Nor am I at home anymore. (If ever I was.)
What about you? Have you found yourself launched in some way from the container you worked so hard to create of the first half of your life? What is most disorienting to you about leaving your ‘house’?
I really like what you wrote at the end and JRR Tolkien’s quote. If we are talking about adult life starting at about 20, then about 50 is technically half way to 80 which is statistically the end of life on this earth for most of us (if not earlier). So yes, the first half was all about marriage, career and kids. Now the marriage is still there but different, the kids are grown and gone, and the career is changing – sometimes by my choice and sometimes by external forces.
And NONE of it is familiar… but there is a beckoning, a sense of wanting to do more, to see what else the Lord may have for me to serve Him, to learn more about Him, to be better at loving Him this side of heaven.

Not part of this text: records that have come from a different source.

Lemma sum_det_rowsub_sqr_stiefel s i (A : 'M[R]_(s, i)) :
  stiefel A -> \sum_(f : {ffun 'I_i -> 'I_s}) \det (rowsub f A) ^+ 2 = i`!%:R.
Proof. by rewrite /stiefel /= => A_st; rewrite sum_det_rowsub_sqr A_st det1. Qed.

Lemma det_rowsub_sqr_le s i (A : 'M[R]_(s, i)) (f : 'I_i -> 'I_s) :
  stiefel A -> \det (rowsub f A) ^+ 2 <= i`!%:R.
Proof.
move=> A_st; rewrite -(sum_det_rowsub_sqr_stiefel A_st) (bigD1 (finfun f)) //=.
rewrite (eq_rowsub _ (ffunE _)) lerDl; apply: sumr_ge0 => h _; exact: sqr_ge0.
Qed.

Lemma norm_minor_le s r (M : 'M[R]_(s, r)) (S : {set 'I_s}) (T : {set 'I_r}) :
  stiefel M -> `|minor M S T| <= (#|T|)`!%:R.
Proof.
have [hST M_st|neqST _] := eqVneq #|S| #|T|; last by rewrite minor_card_neq ?normr0.
have sqr_le : minor M S T ^+ 2 <= (#|T|)`!%:R.
  rewrite (minorE _ hST erefl) mxsubrc.
  exact/det_rowsub_sqr_le/stiefel_colsub/M_st/enum_cast_inj.
have one_le : 1 <= (#|T|)`!%:R :> R by rewrite ler1n fact_gt0.
have : `|minor M S T| ^+ 2 = minor M S T ^+ 2 by rewrite real_normK ?num_real.
have : 0 <= `|minor M S T| by [].
nra.
Qed.

End Orthogonal.
Arguments sign_flip_mx {R n}.
Arguments orthogonal_mx1 {R n}.
Arguments orthogonal_perm_mx {R n}.

Local Open Scope classical_set_scope.

(* [g_sigma_algebraType] needs a pointed carrier, which matrices are not.  The
   measurable sets of [mx_borel R s r] are exactly those of [mx_measurable]. *)
Definition mx_pointed (R : realType) s r := 'M[R]_(s, r).
HB.instance Definition _ (R : realType) s r := Choice.on (mx_pointed R s r).
HB.instance Definition _ (R : realType) s r :=
  isPointed.Build (mx_pointed R s r) (0 : 'M[R]_(s, r)).

Definition mx_entry_preimages (R : realType) s r : set (set (mx_pointed R s r)) :=
  [set B | exists (i : 'I_s) (j : 'I_r) (C : set R),
     measurable C /\ B = (fun M : 'M[R]_(s, r) => M i j) @^-1` C].

Notation mx_borel R s r := (g_sigma_algebraType (@mx_entry_preimages R s r)).

Section MatrixMeasurability.
Variable R : realType.

Lemma measurable_mx_entry s r (i : 'I_s) (j : 'I_r) :
  measurable_fun setT (fun M : mx_borel R s r => M i j).
Proof.
by move=> _ C mC; rewrite setTI; apply: sub_sigma_algebra; exists i, j, C.
Qed.

Lemma measurable_det d (X : measurableType d) n (F : X -> 'M[R]_n) :
  (forall a b, measurable_fun setT (fun x => F x a b)) ->
  measurable_fun setT (fun x => \det (F x)).
Proof.
move=> mF; apply: measurable_sum => σ; apply: measurable_funM => //.
by apply: measurable_prod => a _; exact: mF.
Qed.

Lemma measurable_mxsub_det s r i (f : 'I_i -> 'I_s) (g : 'I_i -> 'I_r) :
  measurable_fun setT (fun M : mx_borel R s r => \det (mxsub f g M)).
Proof.
apply: measurable_det => a b; under eq_fun do rewrite mxE.
exact: measurable_mx_entry.
Qed.

Lemma measurable_minor s r (S : {set 'I_s}) (T : {set 'I_r}) :
  measurable_fun setT (fun M : mx_borel R s r => minor M S T).
Proof.
have [hST|neqST] := eqVneq #|S| #|T|; last first.
  by under eq_fun do rewrite minor_card_neq //; exact: measurable_cst.
by under eq_fun do rewrite (minorE _ hST erefl); exact: measurable_mxsub_det.
Qed.

Lemma measurable_mulmxlr s r (O1 : 'M[R]_s) (O2 : 'M[R]_r) :
  measurable_fun setT (fun M : mx_borel R s r => O1 *m M *m O2 : mx_borel R s r).
Proof.
apply: (@measurability _ _ (mx_borel R s r) (mx_borel R s r) setT _
  (@mx_entry_preimages R s r)) => // _ [_ [i [j [C [mC ->]]] <-]].
have entry_meas :
    measurable_fun setT (fun M : mx_borel R s r => (O1 *m M *m O2) i j).
  under eq_fun do rewrite mxE; apply: measurable_sum => k.
  apply: measurable_funM => //; under eq_fun do rewrite mxE.
  apply: measurable_sum => l; apply: measurable_funM => //.
  exact: measurable_mx_entry.
by rewrite setTI; have := entry_meas measurableT C mC; rewrite setTI.
Qed.

End MatrixMeasurability.

Lemma integrable_bounded (R : realType) d (X : measurableType d)
    (P : probability X R) (g : X -> R) (K : R) :
  measurable_fun setT g -> (forall x, `|g x| <= K) -> P.-integrable setT (EFin \o g).
Proof.
move=> mg g_le; apply: measurable_bounded_integrable => //.
  by apply: (le_lt_trans (probability_le1 P measurableT)); exact: ltry.
exists K; split; first exact: num_real.
by move=> M KM x _ /=; rewrite (le_trans (g_le x)) // ltW.
Qed.

Section HaarStiefel.
Variables (R : realType) (d : measure_display) (Omega : measurableType d).
Variables (P : probability Omega R) (s r : nat) (Q : Omega -> 'M[R]_(s, r)).
Hypothesis Q_haar : haar_stiefel P Q.

Let Q_stiefel w : stiefel (Q w).
Proof. by case: Q_haar. Qed.

Let measurable_Q : measurable_fun setT (Q : Omega -> mx_borel R s r).
Proof. by case: Q_haar => _ mQ _ _ A mA; rewrite setTI; exact: mQ. Qed.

Keep writing Michelle! I am loving this chapter by chapter exploration.
Kathy
This chapter really resonated with me. The “leaving the house” gives me a metaphor and a new language to describe a decision my husband and I made one year ago. We worked so hard to build our “house” for much of the first-half and made a decision to move from the “house” a year ago. It is disorienting because it involves, like Rohor says, leaving the tested, the familiar, and that in which I found identity, purpose, and fulfillment. I wonder, too, and know I am not lost, but that feeling is disorienting when you have been settled for so long. I wonder if I’ll have that settled feeling again and if so, where, when, and how will it look.
It is a brave thing to leave that house, Angie. If Rohr’s words are true, then your departure says that you indeed built a house strong enough to leave for this further journey.
What do you miss most about your former house? Are you still living in the same place (which seems to make the leaving of that house more complicated)?
Leaving is an act of courage and obedience. Praying that you sense the nearness of God today as you follow him into the great unknown.
We still live in our house made of bricks and stone but moved out of the “house” of ministry we by God’s grace had built for almost two decades. I miss the regular interaction of those close relationships, the sense of community and belonging, sense of purpose, sense of being settled, the outlet for using gifts and creativity, just to name a few.
Yes, leaving is an act of courage and obedience. Thank you for the prayer.
Thanks, Kathy. There is a lot to ponder in this book and in this disorienting new land in which we find ourselves at 50+.
The disorientation doesn’t feel at all like an invitation from God to love him more, differently, more deeply – but it is, isn’t it?